Dear GHC Community,
The COVID-19 pandemic brought to light many of the cracks in the existing global health infrastructure. At the same time, it demonstrated the benefits of multilateral organizations — driving cross-country collaboration, leveraging technical leadership and expertise, and supporting under-resourced health systems. Without the coordinating power of the World Health Organization (WHO), there would have been far more incoherence in efforts, duplication, and waste. While not perfect nor without missteps, we could not have reached this point in the pandemic without organizations like WHO, Coalition for Epidemic Preparedness Innovations (CEPI), Gavi, and UNICEF. Through their collective expertise and coordinating power, the world was able to stand up the ACT Accelerator and, through it, COVAX. As a result, 5.17 billion people — nearly 70% of the world’s population — have received vaccines to date.*
While COVID-19 is a daily reminder of the value multilateral organizations provide, that value is far from assured without continued support. Multilateral institutions are a collective resource in helping to protect the health of the world’s citizens; they require collective support to accomplish shared global health goals. The past several years have been a poignant reminder of how vital they are to safeguarding the world against disease.
To operate effectively, multilaterals require ongoing partnership and resources from the U.S. and other countries. We saw historic progress on this at last week’s 75th World Health Assembly. Member states agreed to a WHO working group recommendation to gradually increase their “assessed contributions” — or membership dues — to cover 50% of WHO’s budget by 2030. In addition, U.S. support for health multilateral organizations is critical to leveraging resources from other countries and to facilitating cross-country collaboration. By leveraging the support of donors like the U.S., multilateral institutions protect the world against public health threats and help countries prevent, treat, and protect their citizens.
But the decisions made through these entities must not solely be left to donors. Without the involvement of civil society, global health approaches are little more than a “best guess.” It is civil society organizations (CSOs) that are, in overused parlance, where the rubber meets the road. Throughout the COVID-19 pandemic, CSOs have played a critical role in addressing and advocating for the needs of minority and marginalized populations. Yet, they continue to be left out of crucial policy-making discussions surrounding the response. To truly deliver on the promise of multilateral organizations, CSOs must not just be at the table, they should be taking the lead as strategies are discussed.

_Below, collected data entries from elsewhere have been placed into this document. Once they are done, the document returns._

(* Let $r,s_1,s_2\in\mathbb{N}_+$. Let $\boldsymbol B_0\in\mathbb{R}^{d_1\times d_2}$ be arbitrary and $\boldsymbol B_1,\dots,\boldsymbol B_r\in\{0,1\}^{d_1\times d_2}$ rank-1 matrices with $\langle\boldsymbol B_s,\boldsymbol B_{s'}\rangle=0$ for $s\ne s'$ and whose supports together involve at most $s_1$ rows and at most $s_2$ columns. Let $g_1,\dots,g_r:[0,1]\to\mathbb{R}$ be functions at least one of which is strictly monotonic. Draw $\pi\sim\mathrm{Unif}[0,1]$ and, given $\pi$, set $\boldsymbol X_\pi=\boldsymbol B_0+\sum_{s=1}^r g_s(\pi)\boldsymbol B_s$ (the noiseless case $\sigma=0$ of $\boldsymbol X_\pi=\boldsymbol B_0+\sum_s g_s(\pi)\boldsymbol B_s+\sigma\boldsymbol E$) and $Y_\pi\sim\mathrm{Bernoulli}(\pi)$ with $Y_\pi$ independent of $\boldsymbol X_\pi$ given $\pi$. Let $\mathbb{P}_{\boldsymbol X,Y}$ be the induced joint distribution of $(\boldsymbol X,Y)=(\boldsymbol X_\pi,Y_\pi)$, $\mathcal{X}=\{\boldsymbol X_\pi:\pi\in[0,1]\}$, and $f(\boldsymbol X)=\mathbb{E}(Y|\boldsymbol X)$ on $\mathcal{X}$. Then $f\in\mathcal F_{\mathrm{sgn}}(r,s_1,s_2)$.
   Context: $\mathrm{sgn}(x)=1$ if $x>0$, $-1$ otherwise. $\Phi(r,s_1,s_2)=\{\boldsymbol X\mapsto\langle\boldsymbol X,\boldsymbol B\rangle+b:\mathrm{rank}(\boldsymbol B)\le r,\ \boldsymbol B\text{ has at most }s_1\text{ nonzero rows and }s_2\text{ nonzero columns},\ b\in\mathbb{R}\}$, with $\langle\boldsymbol X,\boldsymbol B\rangle=\mathrm{tr}(\boldsymbol X\boldsymbol B^T)$. $\mathcal F_{\mathrm{sgn}}(r,s_1,s_2)$ is the set of functions $f:\mathcal{X}\to[-1,1]$ such that for every level $\pi'\in[-1,1]$ there is $\phi\in\Phi(r,s_1,s_2)$ with $\mathrm{sgn}(f(\boldsymbol X)-\pi')=\mathrm{sgn}\,\phi(\boldsymbol X)$ for all $\boldsymbol X\in\mathcal{X}$. *)

From HB Require Import structures.
From mathcomp Require Import all_boot all_order all_algebra.
From mathcomp Require Import reals.
Set Implicit Arguments. Unset Strict Implicit. Unset Printing Implicit Defensive.
Import Order.TTheory GRing.Theory Num.Theory.
Local Open Scope ring_scope.

Section Defs.
Variable R : realType.
Variables d1 d2 : nat.

Definition minner (X B : 'M[R]_(d1, d2)) : R := \tr (X *m B^T).

Definition sgn (x : R) : R := if 0 < x then 1 else -1.

Definition nz_rows (B : 'M[R]_(d1, d2)) : {set 'I_d1} :=
  [set i | [exists j, B i j != 0]].
Definition nz_cols (B : 'M[R]_(d1, d2)) : {set 'I_d2} :=
  [set j | [exists i, B i j != 0]].

(* (B, b) parametrizes an element X |-> <X,B> + b of Phi(r, s1, s2) *)
Definition in_Phi (r s1 s2 : nat) (B : 'M[R]_(d1, d2)) (b : R) : Prop :=
  (\rank B <= r)%N /\ (#|nz_rows B| <= s1)%N /\ (#|nz_cols B| <= s2)%N.

Definition F_sgn (calX : 'M[R]_(d1, d2) -> Prop) (r s1 s2 : nat)
    (f : 'M[R]_(d1, d2) -> R) : Prop :=
  (forall X, calX X -> -1 <= f X <= 1) /\
  forall pi' : R, -1 <= pi' <= 1 ->
    exists (B : 'M[R]_(d1, d2)) (b : R), in_Phi r s1 s2 B b /\
      forall X, calX X -> sgn (f X - pi') = sgn (minner X B + b).

Definition Xpi (r : nat) (B0 : 'M[R]_(d1, d2)) (Bs : 'I_r -> 'M[R]_(d1, d2))
    (g : 'I_r -> R -> R) (p : R) : 'M[R]_(d1, d2) :=
  B0 + \sum_(s < r) g s p *: Bs s.

Definition in01 (p : R) : Prop := 0 <= p <= 1.
Definition calX_of r B0 Bs g (X : 'M[R]_(d1, d2)) : Prop :=
  exists p, in01 p /\ X = @Xpi r B0 Bs g p.

Definition bernoulli_mean (p : R) : R := p * 1 + (1 - p) * 0.

(* f(X) = E(Y | X) on calX: whenever the observation X = X_p0 determines the
   latent variable (the fiber {p in [0,1] : X_p = X_p0} is {p0}), the
   conditional expectation of Y given X = X_p0 is E(Y | pi = p0). *)
Definition is_cond_exp_Y_given_X r B0 Bs g (f : 'M[R]_(d1, d2) -> R) : Prop :=
  forall p0, in01 p0 ->
    (forall p, in01 p -> @Xpi r B0 Bs g p = Xpi B0 Bs g p0 -> p = p0) ->
    f (Xpi B0 Bs g p0) = bernoulli_mean p0.

Definition strictly_monotone_on01 (h : R -> R) : Prop :=
  (forall x y, in01 x -> in01 y -> x < y -> h x < h y) \/
  (forall x y, in01 x -> in01 y -> x < y -> h y < h x).

End Defs.

From HB Require Import structures.
From mathcomp Require Import all_boot all_order all_algebra.
From mathcomp Require Import reals.
Import Order.TTheory GRing.Theory Num.Theory.
Local Open Scope ring_scope.

(* Let g_{s0} be strictly monotone.  Because the B_s are 0/1 matrices with
   pairwise zero inner products, B_{s0} has an entry (i0, j0) equal to 1 at
   which every other B_s vanishes, so the (i0, j0) entry of X_pi is
   B0 i0 j0 + g_{s0}(pi).  This entry determines pi, hence f(X_pi) = pi, and
   sgn(f(X) - pi') is the sign of +-(X i0 j0 - B0 i0 j0 - g_{s0}(pi')), a
   classifier built on the rank-one, one-row, one-column matrix
   delta_mx i0 j0 (levels pi' < 0 get a constant classifier). *)

Lemma minnerE {R : realType} d1 d2 (X B : 'M[R]_(d1, d2)) :
  minner X B = \sum_i \sum_j X i j * B i j.
Proof.
rewrite /minner /mxtrace; apply: eq_bigr => i _; rewrite mxE.
by apply: eq_bigr => j _; rewrite mxE.
Qed.

Lemma minner_scale_delta {R : realType} d1 d2 (X : 'M[R]_(d1, d2)) c i0 j0 :
  minner X (c *: delta_mx i0 j0) = c * X i0 j0.
Proof.
rewrite minnerE (bigD1 i0) //= (bigD1 j0) //= big1 => [|j /negbTE neq_j].
  rewrite big1 => [|i /negbTE neq_i]; last first.
    by apply: big1 => j _; rewrite !mxE neq_i mulr0 mulr0.
  by rewrite !mxE !eqxx mulr1 !addr0 mulrC.
by rewrite !mxE eqxx neq_j mulr0 mulr0.
Qed.

Lemma in_Phi_scale_delta {R : realType} d1 d2 r s1 s2 c
    (i0 : 'I_d1) (j0 : 'I_d2) b :
  (0 < r)%N -> (0 < s1)%N -> (0 < s2)%N ->
  in_Phi r s1 s2 (c *: delta_mx i0 j0 : 'M[R]_(d1, d2)) b.
Proof.
move=> r_gt0 s1_gt0 s2_gt0; split; [|split].
- by apply: leq_trans (mxrank_scale _ _) _; rewrite mxrank_delta.
- apply: leq_trans s1_gt0; rewrite -(cards1 i0); apply: subset_leq_card.
  apply/subsetP => i; rewrite !inE => /existsP [j]; rewrite !mxE.
  by apply: contraR => /negbTE ->; rewrite mulr0.
- apply: leq_trans s2_gt0; rewrite -(cards1 j0); apply: subset_leq_card.
  apply/subsetP => j; rewrite !inE => /existsP [i]; rewrite !mxE.
  by apply: contraR => /negbTE ->; rewrite andbF mulr0.
Qed.

Lemma minner_ge0_eq0 {R : realType} d1 d2 (A B : 'M[R]_(d1, d2)) i j :
  (forall i j, 0 <= A i j) -> (forall i j, 0 <= B i j) ->
  minner A B = 0 -> A i j * B i j = 0.
Proof.
move=> A_ge0 B_ge0; rewrite minnerE => /psumr_eq0P sum_eq0.
have AB_ge0 i' j' : 0 <= A i' j' * B i' j' by rewrite mulr_ge0.
have /psumr_eq0P -> // : \sum_j A i j * B i j = 0.
by apply: sum_eq0 => // i' _; rewrite sumr_ge0.
Qed.

Lemma matrix_neq0_entry {R : zmodType} m n (A : 'M[R]_(m, n)) :
  A != 0 -> exists i j, A i j != 0.
Proof.
move=> /eqP A_neq0.
have [[i j] /= Aij_neq0|no_entry] :=
  pickP (fun ij : 'I_m * 'I_n => A ij.1 ij.2 != 0); first by exists i, j.
case: A_neq0; apply/matrixP => i j; rewrite mxE.
exact/eqP/negbFE/(no_entry (i, j)).
Qed.

Lemma orthogonal_binary_private_entry {R : realType} {d1 d2 r : nat}
    {Bs : 'I_r -> 'M[R]_(d1, d2)} {s0 : 'I_r} :
  (forall s i j, Bs s i j = 0 \/ Bs s i j = 1) ->
  (forall s s', s != s' -> minner (Bs s) (Bs s') = 0) ->
  Bs s0 != 0 -> exists i0 j0, forall s, Bs s i0 j0 = (s == s0)%:R.
Proof.
move=> binary orth /matrix_neq0_entry [i0 [j0 Bs0_neq0]].
have Bs_ge0 s i j : 0 <= Bs s i j by case: (binary s i j) => ->.
have Bs0_eq1 : Bs s0 i0 j0 = 1.
  by case: (binary s0 i0 j0) Bs0_neq0 => // ->; rewrite eqxx.
exists i0, j0 => s; have [-> //|neq_s] := eqVneq s s0.
rewrite -[Bs s i0 j0]mul1r -Bs0_eq1.
by apply: minner_ge0_eq0 => //; apply: orth; rewrite eq_sym.
Qed.

Lemma increasing_on01_ltE {R : realType} {k : R -> R} p q :
  (forall x y, in01 x -> in01 y -> x < y -> k x < k y) ->
  in01 p -> in01 q -> (k q < k p) = (q < p).
Proof.
move=> k_mono p01 q01; case: (ltgtP q p) => [lt_qp|lt_pq|->].
- exact: k_mono.
- by apply/negbTE; rewrite -leNgt ltW // k_mono.
- by rewrite ltxx.
Qed.

Lemma strictly_monotone_on01_sign {R : realType} {h : R -> R} :
  strictly_monotone_on01 h -> exists e : R,
    forall p q, in01 p -> in01 q -> (0 < e * (h p - h q)) = (q < p).
Proof.
case=> h_mono; [exists 1 | exists (-1)] => p q p01 q01.
  by rewrite mul1r subr_gt0 increasing_on01_ltE.
rewrite mulN1r opprB subr_gt0 -ltrN2.
apply: (increasing_on01_ltE (k := fun x => - h x)) => // x y *.
by rewrite ltrN2 h_mono.
Qed.

Lemma strictly_monotone_on01_inj {R : realType} {h : R -> R} p q :
  strictly_monotone_on01 h -> in01 p -> in01 q -> h p = h q -> p = q.
Proof.
move=> /strictly_monotone_on01_sign [e h_sign] p01 q01 h_eq.
apply/eqP; rewrite eq_le !leNgt -(h_sign p q) // -(h_sign q p) //.
by rewrite h_eq subrr mulr0 ltxx.
Qed.

Section IdentifiableModel.
Context {R : realType} {d1 d2 r : nat}.
Context {B0 : 'M[R]_(d1, d2)} {Bs : 'I_r -> 'M[R]_(d1, d2)}.
Context {g : 'I_r -> R -> R}.
Context {f : 'M[R]_(d1, d2) -> R} {s0 : 'I_r} {i0 : 'I_d1} {j0 : 'I_d2}.
Hypothesis Bs_at : forall s, Bs s i0 j0 = (s == s0)%:R.
Hypothesis g_mono : strictly_monotone_on01 (g s0).
Hypothesis f_cond_exp : is_cond_exp_Y_given_X B0 Bs g f.

Lemma Xpi_at p : Xpi B0 Bs g p i0 j0 = B0 i0 j0 + g s0 p.
Proof.
rewrite /Xpi mxE summxE (bigD1 s0) //= big1 => [|s /negbTE neq_s].
  by rewrite mxE Bs_at eqxx mulr1 addr0.
by rewrite mxE Bs_at neq_s mulr0.
Qed.

Lemma f_Xpi p : in01 p -> f (Xpi B0 Bs g p) = p.
Proof.
move=> p01; rewrite f_cond_exp // => [|q q01].
  by rewrite /bernoulli_mean mulr1 mulr0 addr0.
move=> /(congr1 (fun X : 'M_(d1, d2) => X i0 j0)); rewrite !Xpi_at => /addrI.
exact: strictly_monotone_on01_inj.
Qed.

Lemma F_sgn_identifiable {s1 s2 : nat} :
  (0 < r)%N -> (0 < s1)%N -> (0 < s2)%N ->
  F_sgn (calX_of B0 Bs g) r s1 s2 f.
Proof.
move=> r_gt0 s1_gt0 s2_gt0; split=> [_ [p [p01 ->]]|pi' /andP [pi'_ge pi'_le]].
  rewrite f_Xpi //; case/andP: p01 => p_ge0 ->; rewrite andbT.
  exact: le_trans (lerN10 _) p_ge0.
have [pi'_lt0|pi'_ge0] := ltP pi' 0.
  exists (0 *: delta_mx i0 j0), 1; split; first exact: in_Phi_scale_delta.
  move=> _ [p [p01 ->]]; rewrite f_Xpi // minner_scale_delta mul0r add0r.
  case/andP: p01 => p_ge0 _.
  by rewrite /sgn ltr01 subr_gt0 (lt_le_trans pi'_lt0).
have pi'01 : in01 pi' by apply/andP.
have [e g_sign] := strictly_monotone_on01_sign g_mono.
exists (e *: delta_mx i0 j0), (- (e * (B0 i0 j0 + g s0 pi'))).
split; first exact: in_Phi_scale_delta.
move=> _ [p [p01 ->]]; rewrite f_Xpi // minner_scale_delta Xpi_at.
by rewrite -mulrBr opprD addrACA subrr add0r /sgn subr_gt0 g_sign.
Qed.

End IdentifiableModel.

Theorem proposition4 (R : realType) (d1 d2 r s1 s2 : nat)
  (B0 : 'M[R]_(d1, d2)) (Bs : 'I_r -> 'M[R]_(d1, d2)) (g : 'I_r -> R -> R)
  (f : 'M[R]_(d1, d2) -> R) :
  (0 < r)%N -> (0 < s1)%N -> (0 < s2)%N ->
  (forall s i j, Bs s i j = 0 \/ Bs s i j = 1) ->
  (forall s, \rank (Bs s) = 1%N) ->
  (forall s s', s != s' -> minner (Bs s) (Bs s') = 0) ->
  (#|[set i | [exists s, exists j, Bs s i j != 0%R]]| <= s1)%N ->
  (#|[set j | [exists s, exists i, Bs s i j != 0%R]]| <= s2)%N ->
  (exists s, strictly_monotone_on01 (g s)) ->
  is_cond_exp_Y_given_X B0 Bs g f ->
  F_sgn (calX_of B0 Bs g) r s1 s2 f.
Proof.
move=> r_gt0 s1_gt0 s2_gt0 binary rank1 orth _ _ [s0 g_mono] f_cond_exp.
have Bs0_neq0 : Bs s0 != 0 by rewrite -mxrank_eq0 rank1.
have [i0 [j0 Bs_at]] := orthogonal_binary_private_entry binary orth Bs0_neq0.
exact: (F_sgn_identifiable Bs_at g_mono f_cond_exp r_gt0 s1_gt0 s2_gt0).
Qed.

Multilaterals institutions are imperfect, but the old cliché rings true: “Perfect is the enemy of good.” These organizations provide an inordinate amount of good for the world. They can and should strive to continually improve operations and outcomes through structural changes and, where needed, reforms. And it is our job to keep them accountable. But this can be done on a parallel track to their ongoing work of sharing information across countries and regions, advancing innovation to accelerate the elimination and eradication of diseases, and contributing to new solutions and health improvements.

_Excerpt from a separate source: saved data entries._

Lemma uso_dist_le v x :
  [disjoint outmap arc x & symd v x] -> dist_le arc #|symd v x| v x.
Proof.
move: {2}#|symd v x| (erefl #|symd v x|) => k; elim: k v => [|k IH] v hk dis.
  by move/eqP: hk; rewrite cards_eq0 symd_eq0 => /eqP ->; exists [::].
have vF : v \in face (symd v x) v by rewrite inE symdvv sub0set.
have : ~~ is_face_sink arc (face (symd v x) v) v.
  have ne : face (symd v x) v != set0 by apply/set0Pn; exists v.
  apply/negP => vs; have [u [_ hu]] := HU.2 _ _ ne.
  by move: hk; rewrite -(hu _ vs) (hu _ (face_sink_disjoint dis)) symdvv cards0.
case/(face_nonsink_out vF) => j jvx ojv.
have ewx : symd (symd v [set j]) x = symd v x :\ j by rewrite symdAC symdD1.
have cw : #|symd (symd v [set j]) x| = k.
  by move: hk; rewrite ewx (cardsD1 j) jvx add1n => -[].
have dw : [disjoint outmap arc x & symd (symd v [set j]) x].
  by rewrite ewx; apply: disjointWr dis; apply: subsetDl.
rewrite hk; apply: (dist_le_cons (w := symd v [set j])); first by rewrite inE in ojv.
by rewrite -[in dist_le _ k]cw; apply: IH.
Qed.

Lemma dist_le_global_sink v t : global_sink arc t -> dist_le arc #|symd v t| v t.
Proof. by move=> ht; apply: uso_dist_le; rewrite ht; apply: eq_disjoint0 => j; rewrite inE. Qed.

Lemma connect_global_sink v t : global_sink arc t -> connect arc v t.
Proof. by move/(dist_le_global_sink v)/dist_le_connect. Qed.

End UniqueSinkOrientation.

Lemma sink_covers n (arc : rel {set 'I_n}) (i : nat) v t :
  is_USO arc -> global_sink arc t -> ~ global_sink arc v -> #|symd v t| <= i ->
  i_covered arc i v t.
Proof.
move=> HU ht nv vt; split.
  exact: dist_le_mono vt (dist_le_global_sink HU v ht).
rewrite (reachmap_global_sink HU.1 ht) proper0; apply: contra_not_neq nv => rv.
apply/setP => j; rewrite in_set0; apply/negbTE/negP => jv.
have : j \in reachmap arc v by apply/reachP; exists v.
by rewrite rv inE.
Qed.

Section MinimalFarVertex.
Variables (n : nat) (arc : rel {set 'I_n}) (c z t : {set 'I_n}).
Hypotheses (HU : is_USO arc) (Hac : acyclic arc) (ht : global_sink arc t).
Hypothesis z_far : 1 < #|symd z c|.
Hypothesis z_min : forall y, connect arc z y -> 1 < #|symd y c| -> y = z.

Let Ho : is_orientation arc := HU.1.

Lemma desc_near y : connect arc z y -> y != z -> #|symd y c| <= 1.
Proof.
move=> czy nyz; rewrite leqNgt; apply/negP => /(z_min czy) eyz.
by rewrite eyz eqxx in nyz.
Qed.

Lemma desc_arc_neq y w : connect arc z y -> arc y w -> w != z.
Proof. by move=> czy a; apply/eqP => ewz; move: (Hac a); rewrite ewz czy. Qed.

Lemma outmap_far_sub : outmap arc z \subset symd z c.
Proof.
apply/subsetP => j hj; apply: contraLR z_far => jz.
have a : arc z (symd z [set j]) by rewrite inE in hj.
have := desc_near (connect1 a) (desc_arc_neq (connect0 _ _) a).
by rewrite symdAC card_symd1 (negbTE jz); lia.
Qed.

Lemma card_far_le2 : ~ global_sink arc z -> #|symd z c| <= 2.
Proof.
move=> /eqP /set0Pn [j hj].
have a : arc z (symd z [set j]) by rewrite inE in hj.
have := desc_near (connect1 a) (desc_arc_neq (connect0 _ _) a).
by rewrite symdAC card_symd1 (subsetP outmap_far_sub _ hj); lia.
Qed.

(* [y] is [c]; every other neighbour of [w] is at distance 2 from [c], so cannot be a descendant. *)
Lemma desc_next_to_center_sink y w :
  connect arc z y -> arc y w -> symd y c = set0 -> global_sink arc w.
Proof.
move=> czy a yc; have czw : connect arc z w := connect_trans czy (connect1 a).
have [j ew _] := arc_outmap Ho a; subst w.
have wc : symd (symd y [set j]) c = [set j] by rewrite symdAC yc symd0l.
apply/setP => f; rewrite in_set0; apply/negbTE/negP => hf.
set w := symd y [set j] in hf czw wc *.
have a' : arc w (symd w [set f]) by rewrite inE in hf.
have := desc_near (connect_trans czw (connect1 a')) (desc_arc_neq czw a').
rewrite symdAC wc card_symd1 inE cards1.
case: (f =P j) => [efj|] //= _.
by rewrite /w efj symdKr in a'; move: (arc_asym Ho a); rewrite a'.
Qed.

Lemma arc_desc_symd_sub y w : connect arc z y -> arc y w ->
  symd y c \subset symd z c :|: symd t c -> symd w c \subset symd z c :|: symd t c.
Proof.
move=> czy a yB; have [j ew oj] := arc_outmap Ho a.
have ewc : symd w c = symd (symd y c) [set j] by rewrite ew symdAC.
have [eyz|nyz] := eqVneq y z.
  rewrite ewc eyz symdD1 ?(subsetP outmap_far_sub) -?eyz //.
  by apply: subset_trans (subsetDl _ _) (subsetUl _ _).
have [jy|jy] := boolP (j \in symd y c).
  by rewrite ewc symdD1 //; apply: subset_trans (subsetDl _ _) yB.
have czw := connect_trans czy (connect1 a).
have := desc_near czw (desc_arc_neq czy a); rewrite ewc card_symd1 (negbTE jy).
rewrite ltnS leqn0 cards_eq0 => /eqP yc.
by rewrite -ewc (global_sink_uniq HU (desc_next_to_center_sink czy a yc) ht) subsetUr.
Qed.

Lemma desc_symd_sub y : connect arc z y -> symd y c \subset symd z c :|: symd t c.
Proof.
case/connectP => p; elim/last_ind: p y => [|p w IH] y /=; first by move=> _ ->; apply: subsetUl.
rewrite rcons_path last_rcons => /andP [hp a] ->.
have czl : connect arc z (last z p) by apply/connectP; exists p.
exact: arc_desc_symd_sub czl a (IH _ hp erefl).
Qed.

Lemma reachmap_far_sub : reachmap arc z \subset symd z c :|: symd t c.
Proof.
apply/subsetP => j /reachP [y czy hj].
have a : arc y (symd y [set j]) by rewrite inE in hj.
have : j \in symd y (symd y [set j]) by rewrite symdKl set11.
move/(subsetP (symd_subU _ c _)); rewrite inE [symd c _]symdC.
by case/orP; apply/subsetP/desc_symd_sub; last apply: connect_trans czy (connect1 a).
Qed.

Lemma dist_le_far : dist_le arc (n - #|symd z c|) (~: c) z.
Proof.
have e : symd (~: c) z = ~: symd z c by rewrite symdC symdCr.
rewrite -cardsC_ord -e; apply: (uso_dist_le HU).
by rewrite e disjoints_subset setCK outmap_far_sub.
Qed.

End MinimalFarVertex.

Theorem theorem13 (n : nat) (arc : rel {set 'I_n}) :
  4 <= n -> is_AUSO arc -> i_nice arc (n - 2).
Proof.
move=> n4 [HU Hac] v nv; have [t ht] := global_sink_exists HU.
have [near|far] := leqP #|symd v t| (n - 2); first by exists t; apply: sink_covers.
pose c := ~: v.
have tc : #|symd t c| <= 1 by rewrite symdCr cardsC_ord symdC; lia.
have vc : 1 < #|symd v c| by rewrite symdCr symdvv setC0 cardsT card_ord; lia.
have [z zc zmin] := acyclic_minimal (P := fun y => 1 < #|symd y c|) Hac vc.
have zt : ~ global_sink arc z by move=> /(global_sink_uniq HU ht) etz; move: zc; rewrite -etz; lia.
have dvz : dist_le arc (n - 2) v z.
  have := dist_le_far HU Hac zc zmin; rewrite setCK; apply: dist_le_mono; lia.
exists z; split => //.
rewrite properE (reachmap_connect (dist_le_connect dvz)) /=; apply/negP => sub.
have : [set: 'I_n] \subset symd z c :|: symd t c.
  rewrite -(symdU_setC v t) subUset subsetUr andbT.
  apply: subset_trans (symd_sub_reachmap HU.1 (connect_global_sink HU v ht)) _.
  exact: subset_trans sub (reachmap_far_sub HU Hac ht zc zmin).
move/subset_leq_card; rewrite cardsT card_ord.
have := (leq_card_setU (symd z c) (symd t c)).1.
have := card_far_le2 Hac zc zmin zt; lia.
Qed.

Multilateral organizations possess different strengths and networks and can serve as meaningful partners to advance efforts toward improved outcomes. Moving past the worst pandemic in nearly a century requires a new level of global cooperation. We must not only move past COVID-19 but also regain the ground lost in other health areas in order to meet shared global goals. Without continued financial and technical support for multilateral organizations, none of this will be possible.